WHAT YOU NEED TO DO —
Beginning at the top of the material, repeat each line exactly, and stop once the line with "apply addr_le_of_le_subr in H." has been written.

THE DATA START

Lemma sbig_ub (g : G) f n : f n \m g <= sbig g f.
Proof.
  revert f; induction n; intros f; rewrite (ax_A2 _ HG g f).
  - apply leUl.
  - eapply le_trans; [apply (IHn (fun k => f (S k)))|apply leUr].
Qed.
Lemma sbig_least (g h : G) f : (forall n, f n \m g <= h) -> sbig g f <= h.
Proof.
  intros H. rewrite (ax_A1 _ HG g f).
  assert (E : (fun n => f n \m g) = (fun n => (f n \m g) \m h)).
  { apply FunctionalExtensionality.functional_extensionality. intros n. symmetry. apply H. }
  rewrite E. apply (ax_A3 _ HG g h (fun n => f n \m g)).
Qed.
Lemma islub_sbig (g : G) f : islub (fun n => f n \m g) (sbig g f).
Proof. split. intros n; apply (sbig_ub g f n). intros u Hu; apply (sbig_least g u f Hu). Qed.
Lemma islub_sbig_bounded (x : nat -> G) B : (forall n, x n <= B) -> islub x (sbig B x).
Proof.
  intros H. assert (E : x = fun n => x n \m B).
  { apply FunctionalExtensionality.functional_extensionality. intros n. symmetry. apply H. }
  pattern x at 1. rewrite E. apply islub_sbig.
Qed.
Lemma islub_addr x s d : islub x s -> islub (fun n => x n + d) (s + d).
Proof.
  intros [H1 H2]. split.
  - intros n. apply lerD2r, H1.
  - intros u Hu. assert (s <= u + - d).
    { apply H2. intros n. specialize (Hu n). apply (lerD2r _ _ (- d)) in Hu.
      rewrite <- addrA, addrN, addr0 in Hu. exact Hu. }
    apply (lerD2r _ _ d) in H. rewrite <- addrA, addNr, addr0 in H. exact H.
Qed.
Lemma islub_nmul x s k : islub x s -> islub (fun n => nmul k (x n)) (nmul k s).
Proof.
  intros Hs. induction k; simpl.
  - split. intros; apply le_refl. intros u Hu. apply (Hu O).
  - destruct IHk as [I1 I2]. destruct Hs as [H1 H2]. split.
    + intros n. apply lerD; auto.
    + intros u Hu.
      assert (Hnm : forall n m, x n + nmul k (x m) <= u).
      { intros n m. eapply le_trans.
        - apply lerD. apply (leUl (x n) (x m)). apply nmul_le, (leUr (x n) (x m)).
        - change (nmul (S k) (x n \v x m) <= u). rewrite nmul_join.
          apply leUx; apply Hu. }
      assert (Hm : forall m, nmul k (x m) <= u + - s).
      { intros m. assert (s <= u + - nmul k (x m)).
        { apply H2. intros n. apply le_subr_of_addr. apply Hnm. }
        apply addr_le_of_le_subr in H. rewrite addrC in H. apply le_subr_of_addr, H. }
      apply I2, addr_le_of_le_subr in Hm. rewrite addrC. exact Hm.
Qed.
Lemma islub_ppart x s : islub x s -> islub (fun n => ppart (x n)) (ppart s).
Proof.
  intros [H1 H2]. split.
  - intros n. apply ppart_mono, H1.
  - intros u Hu. apply ppart_le.
    + apply H2. intros n. eapply le_trans; [apply le_ppart|apply Hu].
    + eapply le_trans; [apply ppart_ge0|apply (Hu O)].
Qed.
Lemma meet_islub_le y S b T : islub y S -> (forall n, b \m y n <= T) -> b \m S <= T.
Proof.
  intros [H1 H2] H.
  assert (HS : S <= T + (b \v S) + - b).
  { apply H2. intros n.
    assert (E : y n = (b \m y n) + (b \v y n) + - b).
    { rewrite add_meet_join, (addrC b), <- addrA, addrN, addr0. reflexivity. }
    rewrite E. apply lerD2r. apply lerD. apply H. apply leU2. apply le_refl. apply H1. }
  apply addr_le_of_le_subr in HS. rewrite addrC, <- (add_meet_join b S) in HS.
  apply lerD2r_cancel in HS. exact HS.
Qed.

Lemma archimedean (a b : G) : (forall n, nmul n b <= a) -> b <= 0.
Proof.
  (* the countable sup s of the n b satisfies s + b <= s *)
  intros H. destruct (islub_sbig_bounded (fun n => nmul n b) a H) as [H1 H2].
  set (Sb := sbig a (fun n => nmul n b)) in *.
  assert (Hs : Sb <= Sb + - b).
  { apply H2. intros n. specialize (H1 (S n)). simpl in H1.
    apply le_subr_of_addr. rewrite addrC. exact H1. }
  apply addr_le_of_le_subr in Hs. rewrite addrC in Hs. apply le_subr_of_addr in Hs. rewrite addrN in Hs.
  exact Hs.
Qed.

Lemma le0_of_perp_nmul_sub (b c x : G) : 0 <= b -> b <= c ->
  (forall n, perp b (ppart (nmul n c + - x))) -> b <= 0.
Proof.
  intros Hb Hbc H. apply (archimedean (ppart x)). intros n.
  set (t := nmul n b + - x).
  assert (P1 : perp (nmul n b) (ppart t)).
  { apply perpC, perp_nmul; auto. apply ppart_ge0.
    apply perpC. apply (perp_le _ (ppart (nmul n c + - x))); auto. apply ppart_ge0.
    apply ppart_mono, lerD2r, nmul_le, Hbc. }
  assert (P2 : ppart t <= nmul n b + ppart (- x)).
  { apply ppart_le. apply lerD2l, le_ppart. apply addr_ge0. apply nmul_ge0, Hb. apply ppart_ge0. }
  assert (P3 : ppart t <= ppart (- x)).
  { eapply le_trans. apply (lexI _ _ (ppart t) (le_refl _) P2).
    rewrite meetC. eapply le_trans. apply meet_addl_le.
    apply nmul_ge0, Hb. apply ppart_ge0. apply ppart_ge0.
    unfold perp in P1. rewrite P1, add0r. apply leIl. }
  assert (P4 : t <= ppart (- x)) by (eapply le_trans; [apply le_ppart|exact P3]).
  apply (lerD2r _ _ x) in P4. unfold t in P4. rewrite <- addrA, addNr, addr0 in P4.
  rewrite addrC, add_ppartN in P4. exact P4.
Qed.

THE DATA END

SOLUTION —
Lemma sbig_ub (g : G) f n : f n \m g <= sbig g f.
Proof.
  revert f; induction n; intros f; rewrite (ax_A2 _ HG g f).
  - apply leUl.
  - eapply le_trans; [apply (IHn (fun k => f (S k)))|apply leUr].
Qed.
Lemma sbig_least (g h : G) f : (forall n, f n \m g <= h) -> sbig g f <= h.
Proof.
  intros H. rewrite (ax_A1 _ HG g f).
  assert (E : (fun n => f n \m g) = (fun n => (f n \m g) \m h)).
  { apply FunctionalExtensionality.functional_extensionality. intros n. symmetry. apply H. }
  rewrite E. apply (ax_A3 _ HG g h (fun n => f n \m g)).
Qed.
Lemma islub_sbig (g : G) f : islub (fun n => f n \m g) (sbig g f).
Proof. split. intros n; apply (sbig_ub g f n). intros u Hu; apply (sbig_least g u f Hu). Qed.
Lemma islub_sbig_bounded (x : nat -> G) B : (forall n, x n <= B) -> islub x (sbig B x).
Proof.
  intros H. assert (E : x = fun n => x n \m B).
  { apply FunctionalExtensionality.functional_extensionality. intros n. symmetry. apply H. }
  pattern x at 1. rewrite E. apply islub_sbig.
Qed.
Lemma islub_addr x s d : islub x s -> islub (fun n => x n + d) (s + d).
Proof.
  intros [H1 H2]. split.
  - intros n. apply lerD2r, H1.
  - intros u Hu. assert (s <= u + - d).
    { apply H2. intros n. specialize (Hu n). apply (lerD2r _ _ (- d)) in Hu.
      rewrite <- addrA, addrN, addr0 in Hu. exact Hu. }
    apply (lerD2r _ _ d) in H. rewrite <- addrA, addNr, addr0 in H. exact H.
Qed.
Lemma islub_nmul x s k : islub x s -> islub (fun n => nmul k (x n)) (nmul k s).
Proof.
  intros Hs. induction k; simpl.
  - split. intros; apply le_refl. intros u Hu. apply (Hu O).
  - destruct IHk as [I1 I2]. destruct Hs as [H1 H2]. split.
    + intros n. apply lerD; auto.
    + intros u Hu.
      assert (Hnm : forall n m, x n + nmul k (x m) <= u).
      { intros n m. eapply le_trans.
        - apply lerD. apply (leUl (x n) (x m)). apply nmul_le, (leUr (x n) (x m)).
        - change (nmul (S k) (x n \v x m) <= u). rewrite nmul_join.
          apply leUx; apply Hu. }
      assert (Hm : forall m, nmul k (x m) <= u + - s).
      { intros m. assert (s <= u + - nmul k (x m)).
        { apply H2. intros n. apply le_subr_of_addr. apply Hnm. }
        apply addr_le_of_le_subr in H. rewrite addrC in H. apply le_subr_of_addr, H. }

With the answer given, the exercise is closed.